Volume 127, 9 November 2017, Pages 13-30
Computer Networks

EIR: Edge-aware inter-domain routing protocol for the future mobile internet

https://doi.org/10.1016/j.comnet.2017.07.013Get rights and content

Abstract

This work describes a clean-slate inter-domain routing protocol designed to meet the needs of the future mobile Internet. In particular, we describe the edge-aware inter-domain routing (EIR) protocol which provides new abstractions, such as aggregated-nodes (aNodes) and virtual-links (vLinks) for expressing network topologies and edge network properties necessary to address mobility related routing scenarios which are inadequately supported by the border gateway protocol (BGP) in use today. Specific use-cases addressed by EIR include emerging mobility service scenarios such as multi-homing across WiFi and cellular, multipath routing over several access networks, and anycast access from mobile devices to replicated cloud services. It is shown that EIR can be used to realize efficient routing strategies for the mobility use-cases under consideration, while also providing support for a range of inter-domain routing policies currently associated with BGP. Simulation results for protocol overhead are presented for a global-scale CAIDA topology, leading to an identification of parameters necessary to obtain a good balance between overhead and routing table convergence time. A Click-based proof-of-concept implementation of EIR on the ORBIT testbed is described and used to validate performance and functionality for selected mobility use-cases, including mobile data services with open WiFi access points and mobile platforms such as buses operating in an urban area.

Introduction

The inter-domain routing architecture of the Internet is currently based on the border gateway protocol (BGP) standards [1]. BGP, which was introduced about 25 years ago, represented a major advance in networking because it provided fully distributed, non-hierarchical routing mechanisms between autonomous systems (ASes) at a global scale. More importantly, BGP provides a flexible framework for policy-based routing taking into account local preferences and business relationships [2]. The Internet is currently going through a fundamental change driven by the rapid rise of mobile end-points such as smartphones and embedded Internet-of-Things (IoT) devices [3]. The emerging “mobile Internet” will require new approaches to both intra- and inter-domain routing in order to deal with increased dynamism caused by end-point, network and service mobility. This dynamism can take various forms, ranging from conventional end host mobility and edge network mobility to multi-homing and multi-network access associated with emerging hetnet and 5G cellular scenarios [4]. In addition, mobile edge cloud scenarios [5] involve dynamic cloud service migration across networks, requiring anycast routing capabilities which are not readily supported by current inter-domain protocols. A common thread across all these use-cases is the need for a better visibility of the network connectivity graph and the quality of alternative paths to the mobile end-point in order to be able to make more intelligent and informed routing decisions that takes edge and access network into account.

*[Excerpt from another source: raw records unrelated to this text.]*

Definition small_certificates : seq (seq (seq nat) * seq Z) := [::
  ([:: [:: 1; 2; 3; 4]; [:: 0; 5; 2; 3]; [:: 0; 5; 1; 3]; [:: 0; 5; 1; 2];
      [:: 0; 5; 6; 7]; [:: 1; 2; 3; 4]; [:: 8; 9; 10; 4]; [:: 8; 9; 10; 4];
      [:: 6; 7; 9; 10]; [:: 6; 7; 8; 10]; [:: 6; 7; 8; 9]],
   [:: -82; -100; -100; -100; 0; -82; 82; 82; 100; 100; 100]);
  ([:: [:: 1; 2; 3; 4]; [:: 0; 5; 2; 3]; [:: 0; 5; 1; 3]; [:: 0; 5; 1; 2];
      [:: 0; 5; 6; 7]; [:: 1; 2; 3; 4]; [:: 8; 9; 7; 4]; [:: 6; 10; 11; 4];
      [:: 10; 11; 9; 6]; [:: 8; 10; 11; 6]; [:: 8; 11; 9; 7]; [:: 8; 10; 9; 7]],
   [:: -83; -100; -100; -100; -12; -85; 62; 62; 89; 89; 89; 89]);
  ([:: [:: 1; 2; 3; 4]; [:: 0; 2; 3; 5]; [:: 0; 1; 3; 5]; [:: 0; 1; 2; 4];
      [:: 0; 3; 5; 6]; [:: 4; 1; 2; 6]; [:: 4; 5; 7; 8]; [:: 9; 10; 8; 6];
      [:: 7; 11; 12; 6]; [:: 11; 12; 10; 7]; [:: 9; 11; 12; 7]; [:: 9; 12; 10; 8];
      [:: 9; 11; 10; 8]],
   [:: -100; -100; -100; -100; -73; -73; 0; 73; 73; 100; 100; 100; 100]);
  ([:: [:: 1; 2; 3; 4]; [:: 0; 2; 3; 5]; [:: 0; 1; 3; 5]; [:: 0; 1; 2; 4];
      [:: 0; 3; 5; 6]; [:: 4; 1; 2; 6]; [:: 4; 5; 7; 8]; [:: 9; 10; 8; 6];
      [:: 11; 10; 7; 6]; [:: 12; 13; 11; 7]; [:: 12; 13; 7; 8]; [:: 12; 13; 9; 8];
      [:: 13; 11; 9; 10]; [:: 12; 11; 9; 10]],
   [:: -101; -100; -100; -100; -76; -76; -10; 58; 58; 89; 81; 89; 94; 94]);
  ([:: [:: 1; 2; 3; 4]; [:: 0; 2; 3; 4]; [:: 0; 1; 3; 5]; [:: 0; 1; 2; 6];
      [:: 0; 1; 6; 5]; [:: 2; 4; 6; 7]; [:: 3; 4; 5; 7]; [:: 6; 5; 8; 9];
      [:: 10; 11; 9; 7]; [:: 12; 11; 8; 7]; [:: 13; 14; 12; 8]; [:: 13; 14; 8; 9];
      [:: 13; 14; 10; 9]; [:: 14; 12; 10; 11]; [:: 13; 12; 10; 11]],
   [:: 100; 100; 95; 95; 88; 66; 66; 0; -66; -66; -95; -88; -95; -100; -100]);
  ([:: [:: 1; 2; 3; 4]; [:: 0; 5; 2; 3]; [:: 0; 5; 1; 3]; [:: 0; 5; 1; 2];
      [:: 0; 5; 6; 7]; [:: 1; 2; 3; 4]; [:: 7; 8; 9; 4]; [:: 6; 8; 9; 4];
      [:: 6; 7; 9; 10]; [:: 6; 7; 8; 10]; [:: 8; 9; 11; 12]; [:: 13; 14; 15; 10];
      [:: 13; 14; 15; 10]; [:: 11; 12; 14; 15]; [:: 11; 12; 13; 15];
      [:: 11; 12; 13; 14]],
   [:: -92; -100; -100; -100; -54; -92; -11; -11; 11; 11; 54; 92; 92; 100; 100; 100]);
  ([:: [:: 1; 2; 3; 4]; [:: 0; 5; 2; 3]; [:: 0; 5; 1; 3]; [:: 0; 5; 1; 2];
      [:: 0; 5; 6; 7]; [:: 1; 2; 3; 4]; [:: 7; 8; 9; 4]; [:: 6; 8; 9; 4];
      [:: 6; 7; 9; 10]; [:: 6; 7; 8; 10]; [:: 8; 9; 11; 12]; [:: 13; 14; 12; 10];
      [:: 11; 15; 16; 10]; [:: 15; 16; 14; 11]; [:: 13; 15; 16; 11];
      [:: 13; 16; 14; 12]; [:: 13; 15; 14; 12]],
   [:: 91; 100; 100; 100; 58; 93; 20; 20; -1; -1; -42; -81; -81; -94; -94; -94; -94]);
  ([:: [:: 1; 2; 3; 4]; [:: 0; 2; 3; 5]; [:: 0; 1; 3; 5]; [:: 0; 1; 2; 4];
      [:: 0; 3; 5; 6]; [:: 4; 1; 2; 6]; [:: 4; 5; 7; 8]; [:: 8; 9; 10; 6];
      [:: 7; 9; 10; 6]; [:: 7; 8; 10; 11]; [:: 7; 8; 9; 11]; [:: 9; 10; 12; 13];
      [:: 14; 15; 13; 11]; [:: 12; 16; 17; 11]; [:: 16; 17; 15; 12];
      [:: 14; 16; 17; 12]; [:: 14; 17; 15; 13]; [:: 14; 16; 15; 13]],
   [:: 100; 100; 100; 100; 87; 87; 50; 10; 10; -10; -10; -50; -87; -87; -100; -100;
      -100; -100]);
  ([:: [:: 1; 2; 3; 4]; [:: 0; 2; 3; 5]; [:: 0; 1; 3; 5]; [:: 0; 1; 2; 4];
      [:: 0; 3; 5; 6]; [:: 4; 1; 2; 6]; [:: 4; 5; 7; 8]; [:: 8; 9; 10; 6];
      [:: 7; 9; 10; 6]; [:: 7; 8; 10; 11]; [:: 7; 8; 9; 11]; [:: 9; 10; 12; 13];
      [:: 14; 15; 13; 11]; [:: 16; 15; 12; 11]; [:: 17; 18; 16; 12];
      [:: 17; 18; 12; 13]; [:: 17; 18; 14; 13]; [:: 18; 16; 14; 15];
      [:: 17; 16; 14; 15]],
   [:: 100; 100; 100; 100; 88; 88; 54; 17; 17; -2; -2; -41; -77; -77; -93; -89; -93;
      -95; -95]);
  ([:: [:: 1; 2; 3; 4]; [:: 0; 2; 3; 4]; [:: 0; 1; 3; 5]; [:: 0; 1; 2; 6];
      [:: 0; 1; 6; 5]; [:: 2; 4; 6; 7]; [:: 3; 4; 5; 7]; [:: 6; 5; 8; 9];
      [:: 9; 10; 11; 7]; [:: 8; 10; 11; 7]; [:: 8; 9; 11; 12]; [:: 8; 9; 10; 12];
      [:: 10; 11; 13; 14]; [:: 15; 16; 14; 12]; [:: 17; 16; 13; 12];
      [:: 18; 19; 17; 13]; [:: 18; 19; 13; 14]; [:: 18; 19; 15; 14];
      [:: 19; 17; 15; 16]; [:: 18; 17; 15; 16]],
   [:: 100; 100; 98; 98; 94; 83; 83; 47; 10; 10; -10; -10; -47; -83; -83; -98; -94; -98;
      -100; -100]);
  ([:: [:: 1; 2; 3; 4]; [:: 0; 5; 2; 3]; [:: 0; 5; 1; 3]; [:: 0; 5; 1; 2];
      [:: 0; 5; 6; 7]; [:: 1; 2; 3; 4]; [:: 7; 8; 9; 4]; [:: 6; 8; 9; 4];
      [:: 6; 7; 9; 10]; [:: 6; 7; 8; 10]; [:: 8; 9; 11; 12]; [:: 12; 13; 14; 10];
      [:: 11; 13; 14; 10]; [:: 11; 12; 14; 15]; [:: 11; 12; 13; 15];
      [:: 13; 14; 16; 17]; [:: 18; 19; 20; 15]; [:: 18; 19; 20; 15];
      [:: 16; 17; 19; 20]; [:: 16; 17; 18; 20]; [:: 16; 17; 18; 19]],
   [:: -95; -100; -100; -100; -73; -95; -48; -48; -33; -33; 0; 33; 33; 48; 48; 73; 95;
      95; 100; 100; 100]);
  ([:: [:: 1; 2; 3; 4]; [:: 0; 5; 2; 3]; [:: 0; 5; 1; 3]; [:: 0; 5; 1; 2];
      [:: 0; 5; 6; 7]; [:: 1; 2; 3; 4]; [:: 7; 8; 9; 4]; [:: 6; 8; 9; 4];
      [:: 6; 7; 9; 10]; [:: 6; 7; 8; 10]; [:: 8; 9; 11; 12]; [:: 12; 13; 14; 10];
      [:: 11; 13; 14; 10]; [:: 11; 12; 14; 15]; [:: 11; 12; 13; 15];
      [:: 13; 14; 16; 17]; [:: 18; 19; 17; 15]; [:: 16; 20; 21; 15];
      [:: 20; 21; 19; 16]; [:: 18; 20; 21; 16]; [:: 18; 21; 19; 17];
      [:: 18; 20; 19; 17]],
   [:: -93; -100; -100; -100; -75; -96; -52; -52; -38; -38; -7; 24; 24; 39; 39; 65; 88;
      88; 96; 96; 96; 96]);
  ([:: [:: 1; 2; 3; 4]; [:: 0; 2; 3; 5]; [:: 0; 1; 3; 5]; [:: 0; 1; 2; 4];
      [:: 0; 3; 5; 6]; [:: 4; 1; 2; 6]; [:: 4; 5; 7; 8]; [:: 8; 9; 10; 6];
      [:: 7; 9; 10; 6]; [:: 7; 8; 10; 11]; [:: 7; 8; 9; 11]; [:: 9; 10; 12; 13];
      [:: 13; 14; 15; 11]; [:: 12; 14; 15; 11]; [:: 12; 13; 15; 16];
      [:: 12; 13; 14; 16]; [:: 14; 15; 17; 18]; [:: 19; 20; 18; 16];
      [:: 17; 21; 22; 16]; [:: 21; 22; 20; 17]; [:: 19; 21; 22; 17];
      [:: 19; 22; 20; 18]; [:: 19; 21; 20; 18]],
   [:: -100; -100; -100; -100; -92; -92; -70; -45; -45; -31; -31; 0; 31; 31; 45; 45; 70;
      92; 92; 100; 100; 100; 100]);
  ([:: [:: 1; 2; 3; 4]; [:: 0; 2; 3; 5]; [:: 0; 1; 3; 5]; [:: 0; 1; 2; 4];
      [:: 0; 3; 5; 6]; [:: 4; 1; 2; 6]; [:: 4; 5; 7; 8]; [:: 8; 9; 10; 6];
      [:: 7; 9; 10; 6]; [:: 7; 8; 10; 11]; [:: 7; 8; 9; 11]; [:: 9; 10; 12; 13];
      [:: 13; 14; 15; 11]; [:: 12; 14; 15; 11]; [:: 12; 13; 15; 16];
      [:: 12; 13; 14; 16]; [:: 14; 15; 17; 18]; [:: 19; 20; 18; 16];
      [:: 21; 20; 17; 16]; [:: 22; 23; 21; 17]; [:: 22; 23; 17; 18];
      [:: 22; 23; 19; 18]; [:: 23; 21; 19; 20]; [:: 22; 21; 19; 20]],
   [:: -100; -100; -100; -100; -93; -93; -72; -49; -49; -35; -35; -6; 23; 23; 37; 37;
      63; 86; 86; 95; 93; 95; 97; 97]);
  ([:: [:: 1; 2; 3; 4]; [:: 0; 2; 3; 4]; [:: 0; 1; 3; 5]; [:: 0; 1; 2; 6];
      [:: 0; 1; 6; 5]; [:: 2; 4; 6; 7]; [:: 3; 4; 5; 7]; [:: 6; 5; 8; 9];
      [:: 9; 10; 11; 7]; [:: 8; 10; 11; 7]; [:: 8; 9; 11; 12]; [:: 8; 9; 10; 12];
      [:: 10; 11; 13; 14]; [:: 14; 15; 16; 12]; [:: 13; 15; 16; 12];
      [:: 13; 14; 16; 17]; [:: 13; 14; 15; 17]; [:: 15; 16; 18; 19];
      [:: 20; 21; 19; 17]; [:: 22; 21; 18; 17]; [:: 23; 24; 22; 18];
      [:: 23; 24; 18; 19]; [:: 23; 24; 20; 19]; [:: 24; 22; 20; 21];
      [:: 23; 22; 20; 21]],
   [:: 100; 100; 99; 99; 96; 89; 89; 67; 43; 43; 29; 29; 0; -29; -29; -43; -43; -67;
      -89; -89; -99; -96; -99; -100; -100]);
  ([:: [:: 1; 2; 3; 4]; [:: 0; 5; 2; 3]; [:: 0; 5; 1; 3]; [:: 0; 5; 1; 2];
      [:: 0; 5; 6; 7]; [:: 1; 2; 3; 4]; [:: 7; 8; 9; 4]; [:: 6; 8; 9; 4];
      [:: 6; 7; 9; 10]; [:: 6; 7; 8; 10]; [:: 8; 9; 11; 12]; [:: 12; 13; 14; 10];
      [:: 11; 13; 14; 10]; [:: 11; 12; 14; 15]; [:: 11; 12; 13; 15];
      [:: 13; 14; 16; 17]; [:: 17; 18; 19; 15]; [:: 16; 18; 19; 15];
      [:: 16; 17; 19; 20]; [:: 16; 17; 18; 20]; [:: 18; 19; 21; 22];
      [:: 23; 24; 25; 20]; [:: 23; 24; 25; 20]; [:: 21; 22; 24; 25];
      [:: 21; 22; 23; 25]; [:: 21; 22; 23; 24]],
   [:: -97; -100; -100; -100; -83; -97; -66; -66; -55; -55; -31; -6; -6; 6; 6; 31; 55;
      55; 66; 66; 83; 97; 97; 100; 100; 100]);
  ([:: [:: 1; 2; 3; 4]; [:: 0; 5; 2; 3]; [:: 0; 5; 1; 3]; [:: 0; 5; 1; 2];
      [:: 0; 5; 6; 7]; [:: 1; 2; 3; 4]; [:: 7; 8; 9; 4]; [:: 6; 8; 9; 4];
      [:: 6; 7; 9; 10]; [:: 6; 7; 8; 10]; [:: 8; 9; 11; 12]; [:: 12; 13; 14; 10];
      [:: 11; 13; 14; 10]; [:: 11; 12; 14; 15]; [:: 11; 12; 13; 15];
      [:: 13; 14; 16; 17]; [:: 17; 18; 19; 15]; [:: 16; 18; 19; 15];
      [:: 16; 17; 19; 20]; [:: 16; 17; 18; 20]; [:: 18; 19; 21; 22];
      [:: 23; 24; 22; 20]; [:: 21; 25; 26; 20]; [:: 25; 26; 24; 21];
      [:: 23; 25; 26; 21]; [:: 23; 26; 24; 22]; [:: 23; 25; 24; 22]],
   [:: -98; -100; -100; -100; -84; -97; -68; -68; -58; -58; -36; -12; -12; 0; 0; 25; 48;
      48; 59; 59; 76; 92; 92; 98; 98; 98; 98]);
  ([:: [:: 1; 2; 3; 4]; [:: 0; 2; 3; 5]; [:: 0; 1; 3; 5]; [:: 0; 1; 2; 4];
      [:: 0; 3; 5; 6]; [:: 4; 1; 2; 6]; [:: 4; 5; 7; 8]; [:: 8; 9; 10; 6];
      [:: 7; 9; 10; 6]; [:: 7; 8; 10; 11]; [:: 7; 8; 9; 11]; [:: 9; 10; 12; 13];
      [:: 13; 14; 15; 11]; [:: 12; 14; 15; 11]; [:: 12; 13; 15; 16];
      [:: 12; 13; 14; 16]; [:: 14; 15; 17; 18]; [:: 18; 19; 20; 16];
      [:: 17; 19; 20; 16]; [:: 17; 18; 20; 21]; [:: 17; 18; 19; 21];
      [:: 19; 20; 22; 23]; [:: 24; 25; 23; 21]; [:: 22; 26; 27; 21];
      [:: 26; 27; 25; 22]; [:: 24; 26; 27; 22]; [:: 24; 27; 25; 23];
      [:: 24; 26; 25; 23]],
   [:: 100; 100; 100; 100; 95; 95; 80; 63; 63; 53; 53; 30; 6; 6; -6; -6; -30; -53; -53;
      -63; -63; -80; -95; -95; -100; -100; -100; -100]);
  ([:: [:: 1; 2; 3; 4]; [:: 0; 2; 3; 5]; [:: 0; 1; 3; 5]; [:: 0; 1; 2; 4];
      [:: 0; 3; 5; 6]; [:: 4; 1; 2; 6]; [:: 4; 5; 7; 8]; [:: 8; 9; 10; 6];
      [:: 7; 9; 10; 6]; [:: 7; 8; 10; 11]; [:: 7; 8; 9; 11]; [:: 9; 10; 12; 13];
      [:: 13; 14; 15; 11]; [:: 12; 14; 15; 11]; [:: 12; 13; 15; 16];
      [:: 12; 13; 14; 16]; [:: 14; 15; 17; 18]; [:: 18; 19; 20; 16];
      [:: 17; 19; 20; 16]; [:: 17; 18; 20; 21]; [:: 17; 18; 19; 21];
      [:: 19; 20; 22; 23]; [:: 24; 25; 23; 21]; [:: 26; 25; 22; 21];
      [:: 27; 28; 26; 22]; [:: 27; 28; 22; 23]; [:: 27; 28; 24; 23];
      [:: 28; 26; 24; 25]; [:: 27; 26; 24; 25]],
   [:: -102; -100; -100; -100; -95; -95; -81; -65; -65; -55; -55; -34; -11; -11; 1; 1;
      24; 46; 46; 56; 56; 74; 90; 90; 97; 95; 97; 98; 98]);
  ([:: [:: 1; 2; 3; 4]; [:: 0; 2; 3; 4]; [:: 0; 1; 3; 5]; [:: 0; 1; 2; 6];
      [:: 0; 1; 6; 5]; [:: 2; 4; 6; 7]; [:: 3; 4; 5; 7]; [:: 6; 5; 8; 9];
      [:: 9; 10; 11; 7]; [:: 8; 10; 11; 7]; [:: 8; 9; 11; 12]; [:: 8; 9; 10; 12];
      [:: 10; 11; 13; 14]; [:: 14; 15; 16; 12]; [:: 13; 15; 16; 12];
      [:: 13; 14; 16; 17]; [:: 13; 14; 15; 17]; [:: 15; 16; 18; 19];
      [:: 19; 20; 21; 17]; [:: 18; 20; 21; 17]; [:: 18; 19; 21; 22];
      [:: 18; 19; 20; 22]; [:: 20; 21; 23; 24]; [:: 25; 26; 24; 22];
      [:: 27; 26; 23; 22]; [:: 28; 29; 27; 23]; [:: 28; 29; 23; 24];
      [:: 28; 29; 25; 24]; [:: 29; 27; 25; 26]; [:: 28; 27; 25; 26]],
   [:: 100; 100; 99; 99; 97; 93; 93; 77; 60; 60; 50; 50; 28; 6; 6; -6; -6; -28; -50;
      -50; -60; -60; -77; -93; -93; -99; -97; -99; -100; -100]);
  ([:: [:: 1; 2; 3; 4]; [:: 0; 5; 2; 3]; [:: 0; 5; 1; 3]; [:: 0; 5; 1; 2];
      [:: 0; 5; 6; 7]; [:: 1; 2; 3; 4]; [:: 7; 8; 9; 4]; [:: 6; 8; 9; 4];
      [:: 6; 7; 9; 10]; [:: 6; 7; 8; 10]; [:: 8; 9; 11; 12]; [:: 12; 13; 14; 10];
      [:: 11; 13; 14; 10]; [:: 11; 12; 14; 15]; [:: 11; 12; 13; 15];
      [:: 13; 14; 16; 17]; [:: 17; 18; 19; 15]; [:: 16; 18; 19; 15];
      [:: 16; 17; 19; 20]; [:: 16; 17; 18; 20]; [:: 18; 19; 21; 22];
      [:: 22; 23; 24; 20]; [:: 21; 23; 24; 20]; [:: 21; 22; 24; 25];
      [:: 21; 22; 23; 25]; [:: 23; 24; 26; 27]; [:: 28; 29; 30; 25];
      [:: 28; 29; 30; 25]; [:: 26; 27; 29; 30]; [:: 26; 27; 28; 30];
      [:: 26; 27; 28; 29]],
   [:: -98; -100; -100; -100; -88; -98; -76; -76; -68; -68; -50; -31; -31; -21; -21; 0;
      21; 21; 31; 31; 50; 68; 68; 76; 76; 88; 98; 98; 100; 100; 100]);
  ([:: [:: 1; 2; 3; 4]; [:: 0; 5; 2; 3]; [:: 0; 5; 1; 3]; [:: 0; 5; 1; 2];
      [:: 0; 5; 6; 7]; [:: 1; 2; 3; 4]; [:: 7; 8; 9; 4]; [:: 6; 8; 9; 4];
      [:: 6; 7; 9; 10]; [:: 6; 7; 8; 10]; [:: 8; 9; 11; 12]; [:: 12; 13; 14; 10];
      [:: 11; 13; 14; 10]; [:: 11; 12; 14; 15]; [:: 11; 12; 13; 15];
      [:: 13; 14; 16; 17]; [:: 17; 18; 19; 15]; [:: 16; 18; 19; 15];
      [:: 16; 17; 19; 20]; [:: 16; 17; 18; 20]; [:: 18; 19; 21; 22];
      [:: 22; 23; 24; 20]; [:: 21; 23; 24; 20]; [:: 21; 22; 24; 25];
      [:: 21; 22; 23; 25]; [:: 23; 24; 26; 27]; [:: 28; 29; 27; 25];
      [:: 26; 30; 31; 25]; [:: 30; 31; 29; 26]; [:: 28; 30; 31; 26];
      [:: 28; 31; 29; 27]; [:: 28; 30; 29; 27]],
   [:: -97; -100; -100; -100; -88; -98; -77; -77; -70; -70; -53; -35; -35; -25; -25; -5;
      16; 16; 26; 26; 44; 62; 62; 70; 70; 83; 94; 94; 98; 98; 98; 98]);
  ([:: [:: 1; 2; 3; 4]; [:: 0; 2; 3; 5]; [:: 0; 1; 3; 5]; [:: 0; 1; 2; 4];
      [:: 0; 3; 5; 6]; [:: 4; 1; 2; 6]; [:: 4; 5; 7; 8]; [:: 8; 9; 10; 6];
      [:: 7; 9; 10; 6]; [:: 7; 8; 10; 11]; [:: 7; 8; 9; 11]; [:: 9; 10; 12; 13];
      [:: 13; 14; 15; 11]; [:: 12; 14; 15; 11]; [:: 12; 13; 15; 16];
      [:: 12; 13; 14; 16]; [:: 14; 15; 17; 18]; [:: 18; 19; 20; 16];
      [:: 17; 19; 20; 16]; [:: 17; 18; 20; 21]; [:: 17; 18; 19; 21];
      [:: 19; 20; 22; 23]; [:: 23; 24; 25; 21]; [:: 22; 24; 25; 21];
      [:: 22; 23; 25; 26]; [:: 22; 23; 24; 26]; [:: 24; 25; 27; 28];
      [:: 29; 30; 28; 26]; [:: 27; 31; 32; 26]; [:: 31; 32; 30; 27];
      [:: 29; 31; 32; 27]; [:: 29; 32; 30; 28]; [:: 29; 31; 30; 28]],
   [:: 100; 100; 100; 100; 96; 96; 86; 73; 73; 66; 66; 48; 30; 30; 20; 20; 0; -20; -20;
      -30; -30; -48; -66; -66; -73; -73; -86; -96; -96; -100; -100; -100; -100]);
  ([:: [:: 1; 2; 3; 4]; [:: 0; 2; 3; 5]; [:: 0; 1; 3; 5]; [:: 0; 1; 2; 4];
      [:: 0; 3; 5; 6]; [:: 4; 1; 2; 6]; [:: 4; 5; 7; 8]; [:: 8; 9; 10; 6];
      [:: 7; 9; 10; 6]; [:: 7; 8; 10; 11]; [:: 7; 8; 9; 11]; [:: 9; 10; 12; 13];
      [:: 13; 14; 15; 11]; [:: 12; 14; 15; 11]; [:: 12; 13; 15; 16];
      [:: 12; 13; 14; 16]; [:: 14; 15; 17; 18]; [:: 18; 19; 20; 16];
      [:: 17; 19; 20; 16]; [:: 17; 18; 20; 21]; [:: 17; 18; 19; 21];
      [:: 19; 20; 22; 23]; [:: 23; 24; 25; 21]; [:: 22; 24; 25; 21];
      [:: 22; 23; 25; 26]; [:: 22; 23; 24; 26]; [:: 24; 25; 27; 28];
      [:: 29; 30; 28; 26]; [:: 31; 30; 27; 26]; [:: 32; 33; 31; 27];
      [:: 32; 33; 27; 28]; [:: 32; 33; 29; 28]; [:: 33; 31; 29; 30];
      [:: 32; 31; 29; 30]],
   [:: -99; -100; -100; -100; -97; -97; -86; -75; -75; -67; -67; -51; -33; -33; -24;
      -24; -4; 15; 15; 25; 25; 43; 60; 60; 68; 68; 81; 93; 93; 97; 96; 97; 98; 98]);
  ([:: [:: 1; 2; 3; 4]; [:: 0; 2; 3; 4]; [:: 0; 1; 3; 5]; [:: 0; 1; 2; 6];
      [:: 0; 1; 6; 5]; [:: 2; 4; 6; 7]; [:: 3; 4; 5; 7]; [:: 6; 5; 8; 9];
      [:: 9; 10; 11; 7]; [:: 8; 10; 11; 7]; [:: 8; 9; 11; 12]; [:: 8; 9; 10; 12];
      [:: 10; 11; 13; 14]; [:: 14; 15; 16; 12]; [:: 13; 15; 16; 12];
      [:: 13; 14; 16; 17]; [:: 13; 14; 15; 17]; [:: 15; 16; 18; 19];
      [:: 19; 20; 21; 17]; [:: 18; 20; 21; 17]; [:: 18; 19; 21; 22];
      [:: 18; 19; 20; 22]; [:: 20; 21; 23; 24]; [:: 24; 25; 26; 22];
      [:: 23; 25; 26; 22]; [:: 23; 24; 26; 27]; [:: 23; 24; 25; 27];
      [:: 25; 26; 28; 29]; [:: 30; 31; 29; 27]; [:: 32; 31; 28; 27];
      [:: 33; 34; 32; 28]; [:: 33; 34; 28; 29]; [:: 33; 34; 30; 29];
      [:: 34; 32; 30; 31]; [:: 33; 32; 30; 31]],
   [:: 100; 100; 99; 99; 98; 95; 95; 83; 71; 71; 63; 63; 46; 29; 29; 19; 19; 0; -19;
      -19; -29; -29; -46; -63; -63; -71; -71; -83; -95; -95; -99; -98; -99; -100; -100])].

Emerging Internet requirements such as mobility and content have motivated several clean-slate Internet design projects such as Named Data Network (NDN) [6], XIA [7] and MobilityFirst [8]. Previously published works on these architectures have addressed mobility requirements at the intra-domain level [9], [10], but inter-domain routing for the future Internet remains an important open problem. In this paper, we first motivate the need for clean-slate approaches to inter-domain based on several use-cases, and then describe a specific new design called EIR (edge-aware inter-domain routing) intended to meet emerging requirements. The proposed protocol provides new abstractions for expressing network topology and edge network properties necessary to support a full range of mobility services such as multi-homing over WiFi and cellular, multipath routing over multiple access networks, and anycast access to cloud services from mobile devices.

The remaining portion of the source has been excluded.